▸ **DATA FOR PROCESSING**

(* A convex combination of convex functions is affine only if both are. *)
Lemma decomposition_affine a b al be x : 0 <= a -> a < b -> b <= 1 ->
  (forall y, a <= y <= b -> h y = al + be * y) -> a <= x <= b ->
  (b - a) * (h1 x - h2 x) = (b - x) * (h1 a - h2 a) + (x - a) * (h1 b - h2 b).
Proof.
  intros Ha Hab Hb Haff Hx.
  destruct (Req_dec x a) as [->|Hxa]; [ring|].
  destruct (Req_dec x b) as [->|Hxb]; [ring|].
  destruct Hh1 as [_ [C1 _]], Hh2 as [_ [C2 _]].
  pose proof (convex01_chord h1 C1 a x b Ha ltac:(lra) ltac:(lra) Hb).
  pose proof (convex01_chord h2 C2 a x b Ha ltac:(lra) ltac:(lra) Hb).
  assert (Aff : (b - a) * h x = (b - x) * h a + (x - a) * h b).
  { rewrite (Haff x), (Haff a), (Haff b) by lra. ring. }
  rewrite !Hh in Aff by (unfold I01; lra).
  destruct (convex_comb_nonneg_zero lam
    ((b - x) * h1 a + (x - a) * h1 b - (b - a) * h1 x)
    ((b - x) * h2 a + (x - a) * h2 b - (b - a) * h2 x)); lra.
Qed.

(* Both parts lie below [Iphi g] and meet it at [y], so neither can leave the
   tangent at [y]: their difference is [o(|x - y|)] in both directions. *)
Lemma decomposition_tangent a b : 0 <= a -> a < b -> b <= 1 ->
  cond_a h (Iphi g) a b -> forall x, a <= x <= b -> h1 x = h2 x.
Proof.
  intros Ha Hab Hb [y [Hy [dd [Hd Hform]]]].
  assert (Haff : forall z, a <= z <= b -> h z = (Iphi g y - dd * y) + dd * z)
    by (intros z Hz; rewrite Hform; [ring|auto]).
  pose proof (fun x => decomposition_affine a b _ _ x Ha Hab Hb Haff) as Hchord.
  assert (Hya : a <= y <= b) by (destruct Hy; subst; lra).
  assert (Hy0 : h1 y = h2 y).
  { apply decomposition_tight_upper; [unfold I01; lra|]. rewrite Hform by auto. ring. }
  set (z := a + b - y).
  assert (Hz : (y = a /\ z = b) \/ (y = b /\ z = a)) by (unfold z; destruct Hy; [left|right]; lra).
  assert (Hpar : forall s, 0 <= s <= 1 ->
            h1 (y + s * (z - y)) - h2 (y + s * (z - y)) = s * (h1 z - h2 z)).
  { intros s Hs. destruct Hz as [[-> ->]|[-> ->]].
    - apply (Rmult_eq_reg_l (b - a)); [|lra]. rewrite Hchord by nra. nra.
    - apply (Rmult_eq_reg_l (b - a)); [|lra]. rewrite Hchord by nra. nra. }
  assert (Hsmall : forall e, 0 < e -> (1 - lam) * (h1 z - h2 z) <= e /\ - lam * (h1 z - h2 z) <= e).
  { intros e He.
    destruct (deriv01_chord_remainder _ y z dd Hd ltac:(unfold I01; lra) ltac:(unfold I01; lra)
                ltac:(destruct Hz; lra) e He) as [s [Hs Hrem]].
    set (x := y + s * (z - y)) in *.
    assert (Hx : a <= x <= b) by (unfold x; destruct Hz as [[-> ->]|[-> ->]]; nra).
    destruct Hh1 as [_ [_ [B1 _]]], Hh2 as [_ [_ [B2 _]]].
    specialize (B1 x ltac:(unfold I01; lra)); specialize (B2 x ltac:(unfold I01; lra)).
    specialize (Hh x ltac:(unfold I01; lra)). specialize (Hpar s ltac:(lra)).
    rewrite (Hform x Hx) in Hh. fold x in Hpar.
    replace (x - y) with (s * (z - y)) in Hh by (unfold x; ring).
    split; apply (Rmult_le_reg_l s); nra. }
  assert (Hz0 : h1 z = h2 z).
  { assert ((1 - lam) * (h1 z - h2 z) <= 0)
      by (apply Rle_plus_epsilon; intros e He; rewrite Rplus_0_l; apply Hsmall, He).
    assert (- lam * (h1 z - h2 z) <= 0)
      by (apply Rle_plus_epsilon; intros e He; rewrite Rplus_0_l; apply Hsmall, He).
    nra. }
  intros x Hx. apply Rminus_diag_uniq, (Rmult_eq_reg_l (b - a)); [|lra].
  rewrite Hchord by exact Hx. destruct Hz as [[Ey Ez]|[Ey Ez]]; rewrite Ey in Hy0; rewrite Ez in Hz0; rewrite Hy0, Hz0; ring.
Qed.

...

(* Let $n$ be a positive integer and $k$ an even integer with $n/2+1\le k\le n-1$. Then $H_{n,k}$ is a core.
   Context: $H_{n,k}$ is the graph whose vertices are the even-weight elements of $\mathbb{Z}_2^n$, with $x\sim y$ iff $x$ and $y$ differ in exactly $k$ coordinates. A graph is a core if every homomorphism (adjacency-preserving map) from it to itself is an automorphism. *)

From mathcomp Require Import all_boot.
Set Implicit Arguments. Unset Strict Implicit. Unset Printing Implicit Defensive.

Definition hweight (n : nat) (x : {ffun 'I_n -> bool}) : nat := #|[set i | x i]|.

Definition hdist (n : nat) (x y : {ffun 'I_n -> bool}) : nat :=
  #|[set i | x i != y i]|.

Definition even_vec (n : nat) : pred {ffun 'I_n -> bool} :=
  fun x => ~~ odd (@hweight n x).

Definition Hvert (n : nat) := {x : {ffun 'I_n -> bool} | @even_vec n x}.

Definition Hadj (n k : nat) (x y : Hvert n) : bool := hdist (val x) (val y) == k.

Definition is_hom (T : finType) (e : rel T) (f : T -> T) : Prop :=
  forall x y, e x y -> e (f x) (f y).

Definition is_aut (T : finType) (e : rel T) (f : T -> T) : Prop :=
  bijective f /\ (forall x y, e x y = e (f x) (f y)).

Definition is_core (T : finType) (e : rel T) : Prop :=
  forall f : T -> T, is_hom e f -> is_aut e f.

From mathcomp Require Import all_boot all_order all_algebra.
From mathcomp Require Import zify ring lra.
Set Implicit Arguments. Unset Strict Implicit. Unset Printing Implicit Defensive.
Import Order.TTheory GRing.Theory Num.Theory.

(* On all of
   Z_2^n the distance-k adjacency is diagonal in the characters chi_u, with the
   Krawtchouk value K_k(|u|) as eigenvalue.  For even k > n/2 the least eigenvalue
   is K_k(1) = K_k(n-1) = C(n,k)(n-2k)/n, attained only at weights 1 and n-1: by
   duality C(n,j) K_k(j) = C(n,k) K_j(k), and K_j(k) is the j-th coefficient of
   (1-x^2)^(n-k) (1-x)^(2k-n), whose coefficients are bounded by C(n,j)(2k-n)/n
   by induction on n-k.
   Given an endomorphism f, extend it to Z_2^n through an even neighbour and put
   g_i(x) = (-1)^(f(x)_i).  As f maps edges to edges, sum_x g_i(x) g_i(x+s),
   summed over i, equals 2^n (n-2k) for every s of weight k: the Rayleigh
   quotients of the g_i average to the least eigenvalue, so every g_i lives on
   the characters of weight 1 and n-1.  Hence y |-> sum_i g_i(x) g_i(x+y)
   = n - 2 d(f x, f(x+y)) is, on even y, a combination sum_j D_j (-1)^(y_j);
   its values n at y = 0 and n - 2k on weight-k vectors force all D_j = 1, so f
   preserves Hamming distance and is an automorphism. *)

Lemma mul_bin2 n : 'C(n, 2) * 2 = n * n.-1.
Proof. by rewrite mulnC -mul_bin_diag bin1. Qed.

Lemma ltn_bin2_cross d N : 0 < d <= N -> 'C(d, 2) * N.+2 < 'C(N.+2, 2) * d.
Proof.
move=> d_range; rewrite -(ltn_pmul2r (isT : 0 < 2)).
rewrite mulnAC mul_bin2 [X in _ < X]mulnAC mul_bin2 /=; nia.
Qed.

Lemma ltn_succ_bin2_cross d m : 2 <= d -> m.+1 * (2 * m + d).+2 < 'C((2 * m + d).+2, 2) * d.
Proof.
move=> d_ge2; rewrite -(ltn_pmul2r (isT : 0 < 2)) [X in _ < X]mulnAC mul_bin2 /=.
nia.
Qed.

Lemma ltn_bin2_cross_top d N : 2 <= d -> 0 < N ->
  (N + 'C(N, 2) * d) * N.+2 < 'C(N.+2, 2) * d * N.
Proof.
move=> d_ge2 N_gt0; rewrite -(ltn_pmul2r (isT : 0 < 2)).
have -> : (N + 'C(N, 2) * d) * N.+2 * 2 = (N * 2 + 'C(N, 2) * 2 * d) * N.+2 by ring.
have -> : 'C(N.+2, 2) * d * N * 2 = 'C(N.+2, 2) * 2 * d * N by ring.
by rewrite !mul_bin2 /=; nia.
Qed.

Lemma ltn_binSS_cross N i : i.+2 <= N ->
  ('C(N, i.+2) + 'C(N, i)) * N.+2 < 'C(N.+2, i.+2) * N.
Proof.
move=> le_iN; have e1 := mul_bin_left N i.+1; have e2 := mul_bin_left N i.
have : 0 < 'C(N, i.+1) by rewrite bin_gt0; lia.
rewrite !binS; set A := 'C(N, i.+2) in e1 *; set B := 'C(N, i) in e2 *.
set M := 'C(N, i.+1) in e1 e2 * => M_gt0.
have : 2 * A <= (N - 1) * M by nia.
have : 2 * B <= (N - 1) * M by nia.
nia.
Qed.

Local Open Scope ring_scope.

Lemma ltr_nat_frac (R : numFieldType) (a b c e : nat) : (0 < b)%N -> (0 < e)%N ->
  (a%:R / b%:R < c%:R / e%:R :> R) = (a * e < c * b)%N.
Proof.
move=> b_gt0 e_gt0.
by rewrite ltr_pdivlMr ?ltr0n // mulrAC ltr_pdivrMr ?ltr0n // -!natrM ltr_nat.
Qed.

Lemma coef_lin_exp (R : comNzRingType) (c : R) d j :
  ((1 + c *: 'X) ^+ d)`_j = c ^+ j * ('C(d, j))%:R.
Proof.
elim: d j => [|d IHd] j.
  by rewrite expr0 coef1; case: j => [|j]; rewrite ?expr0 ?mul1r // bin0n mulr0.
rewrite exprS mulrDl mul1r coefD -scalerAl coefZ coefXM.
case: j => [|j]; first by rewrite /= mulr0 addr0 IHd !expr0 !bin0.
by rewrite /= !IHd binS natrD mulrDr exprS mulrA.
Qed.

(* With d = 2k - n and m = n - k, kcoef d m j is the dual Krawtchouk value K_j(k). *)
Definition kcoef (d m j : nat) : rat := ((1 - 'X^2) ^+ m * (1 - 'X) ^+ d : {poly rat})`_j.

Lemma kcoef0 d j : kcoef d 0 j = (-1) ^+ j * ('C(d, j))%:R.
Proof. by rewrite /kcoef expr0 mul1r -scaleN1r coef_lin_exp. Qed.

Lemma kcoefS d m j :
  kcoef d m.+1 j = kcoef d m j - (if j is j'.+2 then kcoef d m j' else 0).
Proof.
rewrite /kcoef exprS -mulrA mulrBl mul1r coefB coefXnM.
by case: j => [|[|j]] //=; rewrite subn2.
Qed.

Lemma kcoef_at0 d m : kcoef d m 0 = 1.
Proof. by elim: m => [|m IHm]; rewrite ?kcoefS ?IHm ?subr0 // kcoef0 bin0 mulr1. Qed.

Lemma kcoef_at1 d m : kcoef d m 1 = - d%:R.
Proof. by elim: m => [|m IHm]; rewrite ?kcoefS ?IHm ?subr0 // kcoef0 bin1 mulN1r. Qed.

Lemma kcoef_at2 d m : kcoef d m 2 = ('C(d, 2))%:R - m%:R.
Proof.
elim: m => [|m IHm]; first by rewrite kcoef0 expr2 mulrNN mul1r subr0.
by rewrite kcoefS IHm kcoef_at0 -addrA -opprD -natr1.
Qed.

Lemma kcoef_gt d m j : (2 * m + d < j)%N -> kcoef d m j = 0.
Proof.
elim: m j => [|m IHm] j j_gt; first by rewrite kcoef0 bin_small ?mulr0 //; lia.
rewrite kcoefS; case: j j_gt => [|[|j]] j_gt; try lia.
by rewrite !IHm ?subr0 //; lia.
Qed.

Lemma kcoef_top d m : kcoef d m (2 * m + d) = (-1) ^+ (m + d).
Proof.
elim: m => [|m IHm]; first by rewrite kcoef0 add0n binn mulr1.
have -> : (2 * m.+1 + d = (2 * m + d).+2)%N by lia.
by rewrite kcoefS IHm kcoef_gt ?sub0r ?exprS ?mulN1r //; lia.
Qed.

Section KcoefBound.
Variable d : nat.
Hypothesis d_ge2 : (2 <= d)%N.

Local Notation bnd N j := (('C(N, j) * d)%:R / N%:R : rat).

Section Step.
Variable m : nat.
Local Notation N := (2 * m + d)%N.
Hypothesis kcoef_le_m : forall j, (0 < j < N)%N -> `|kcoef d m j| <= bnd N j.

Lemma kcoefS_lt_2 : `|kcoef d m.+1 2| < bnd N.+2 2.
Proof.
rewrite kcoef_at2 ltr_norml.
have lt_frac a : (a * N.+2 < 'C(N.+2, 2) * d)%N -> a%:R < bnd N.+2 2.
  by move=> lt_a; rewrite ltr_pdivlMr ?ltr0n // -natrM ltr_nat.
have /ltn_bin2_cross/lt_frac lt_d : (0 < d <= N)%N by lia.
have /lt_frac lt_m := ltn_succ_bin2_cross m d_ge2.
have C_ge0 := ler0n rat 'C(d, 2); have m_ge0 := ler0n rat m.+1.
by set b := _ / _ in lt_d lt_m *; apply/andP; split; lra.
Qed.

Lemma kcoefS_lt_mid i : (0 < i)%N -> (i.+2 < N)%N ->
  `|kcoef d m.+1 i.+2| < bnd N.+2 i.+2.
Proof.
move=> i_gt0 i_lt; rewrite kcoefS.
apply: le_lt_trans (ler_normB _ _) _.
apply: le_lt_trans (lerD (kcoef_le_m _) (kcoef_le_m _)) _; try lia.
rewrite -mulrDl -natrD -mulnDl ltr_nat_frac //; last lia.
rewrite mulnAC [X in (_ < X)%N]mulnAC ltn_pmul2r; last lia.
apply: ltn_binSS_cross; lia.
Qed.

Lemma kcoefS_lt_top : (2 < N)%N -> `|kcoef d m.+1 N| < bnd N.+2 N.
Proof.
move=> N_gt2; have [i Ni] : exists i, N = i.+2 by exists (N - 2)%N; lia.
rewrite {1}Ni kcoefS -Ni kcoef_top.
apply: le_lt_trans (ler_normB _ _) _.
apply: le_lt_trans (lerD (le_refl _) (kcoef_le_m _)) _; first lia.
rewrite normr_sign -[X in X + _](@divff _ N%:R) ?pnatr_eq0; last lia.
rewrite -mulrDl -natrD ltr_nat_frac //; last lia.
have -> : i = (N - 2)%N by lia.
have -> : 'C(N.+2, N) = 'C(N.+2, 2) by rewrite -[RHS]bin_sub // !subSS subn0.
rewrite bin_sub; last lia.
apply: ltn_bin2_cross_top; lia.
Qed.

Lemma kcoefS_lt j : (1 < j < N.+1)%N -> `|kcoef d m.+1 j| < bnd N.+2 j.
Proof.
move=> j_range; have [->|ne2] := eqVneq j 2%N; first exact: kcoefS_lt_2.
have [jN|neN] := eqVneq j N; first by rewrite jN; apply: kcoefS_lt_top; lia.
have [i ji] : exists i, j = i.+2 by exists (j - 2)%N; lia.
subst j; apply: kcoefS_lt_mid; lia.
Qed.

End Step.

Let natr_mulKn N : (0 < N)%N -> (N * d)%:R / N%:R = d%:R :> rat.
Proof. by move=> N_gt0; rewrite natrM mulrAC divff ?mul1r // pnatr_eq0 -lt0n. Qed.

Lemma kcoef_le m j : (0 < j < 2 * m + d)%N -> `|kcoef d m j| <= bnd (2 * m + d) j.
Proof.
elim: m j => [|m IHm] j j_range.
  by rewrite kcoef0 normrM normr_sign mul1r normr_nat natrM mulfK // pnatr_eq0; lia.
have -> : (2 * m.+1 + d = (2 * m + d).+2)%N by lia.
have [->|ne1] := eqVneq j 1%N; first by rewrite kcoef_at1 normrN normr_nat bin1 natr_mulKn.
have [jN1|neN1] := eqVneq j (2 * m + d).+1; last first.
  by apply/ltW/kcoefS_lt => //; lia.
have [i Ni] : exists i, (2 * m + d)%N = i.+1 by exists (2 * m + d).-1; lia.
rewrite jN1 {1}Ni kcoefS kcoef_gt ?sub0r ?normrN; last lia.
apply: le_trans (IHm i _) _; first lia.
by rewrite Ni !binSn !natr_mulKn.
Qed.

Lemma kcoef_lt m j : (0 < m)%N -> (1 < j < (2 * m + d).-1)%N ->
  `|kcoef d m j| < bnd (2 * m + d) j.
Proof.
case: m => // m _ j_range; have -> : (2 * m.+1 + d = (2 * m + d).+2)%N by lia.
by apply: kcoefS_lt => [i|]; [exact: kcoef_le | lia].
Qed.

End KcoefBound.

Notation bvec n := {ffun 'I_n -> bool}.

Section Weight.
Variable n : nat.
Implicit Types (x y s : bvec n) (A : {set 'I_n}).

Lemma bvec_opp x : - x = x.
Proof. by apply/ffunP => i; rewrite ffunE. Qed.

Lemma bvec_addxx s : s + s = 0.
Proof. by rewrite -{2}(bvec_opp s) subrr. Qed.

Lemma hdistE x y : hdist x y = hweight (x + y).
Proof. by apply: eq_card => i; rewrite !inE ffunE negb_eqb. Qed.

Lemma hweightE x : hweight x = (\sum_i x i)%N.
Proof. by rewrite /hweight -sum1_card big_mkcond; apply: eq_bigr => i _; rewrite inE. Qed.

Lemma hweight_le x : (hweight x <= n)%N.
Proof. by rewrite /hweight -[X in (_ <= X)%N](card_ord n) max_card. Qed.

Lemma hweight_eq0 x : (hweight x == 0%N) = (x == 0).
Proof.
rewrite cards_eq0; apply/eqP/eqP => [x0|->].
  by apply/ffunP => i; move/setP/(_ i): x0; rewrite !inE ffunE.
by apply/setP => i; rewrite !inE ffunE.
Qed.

▸ **ACTIVITY**
Looking at the records above, return exactly the lines from the line with "(* A convex" to the line with "pose proof (convex01_chord h2", both ends included.

▸ **ANSWER TO THE PROBLEM**
(* A convex combination of convex functions is affine only if both are. *)
Lemma decomposition_affine a b al be x : 0 <= a -> a < b -> b <= 1 ->
  (forall y, a <= y <= b -> h y = al + be * y) -> a <= x <= b ->
  (b - a) * (h1 x - h2 x) = (b - x) * (h1 a - h2 a) + (x - a) * (h1 b - h2 b).
Proof.
  intros Ha Hab Hb Haff Hx.
  destruct (Req_dec x a) as [->|Hxa]; [ring|].
  destruct (Req_dec x b) as [->|Hxb]; [ring|].
  destruct Hh1 as [_ [C1 _]], Hh2 as [_ [C2 _]].
  pose proof (convex01_chord h1 C1 a x b Ha ltac:(lra) ltac:(lra) Hb).
  pose proof (convex01_chord h2 C2 a x b Ha ltac:(lra) ltac:(lra) Hb).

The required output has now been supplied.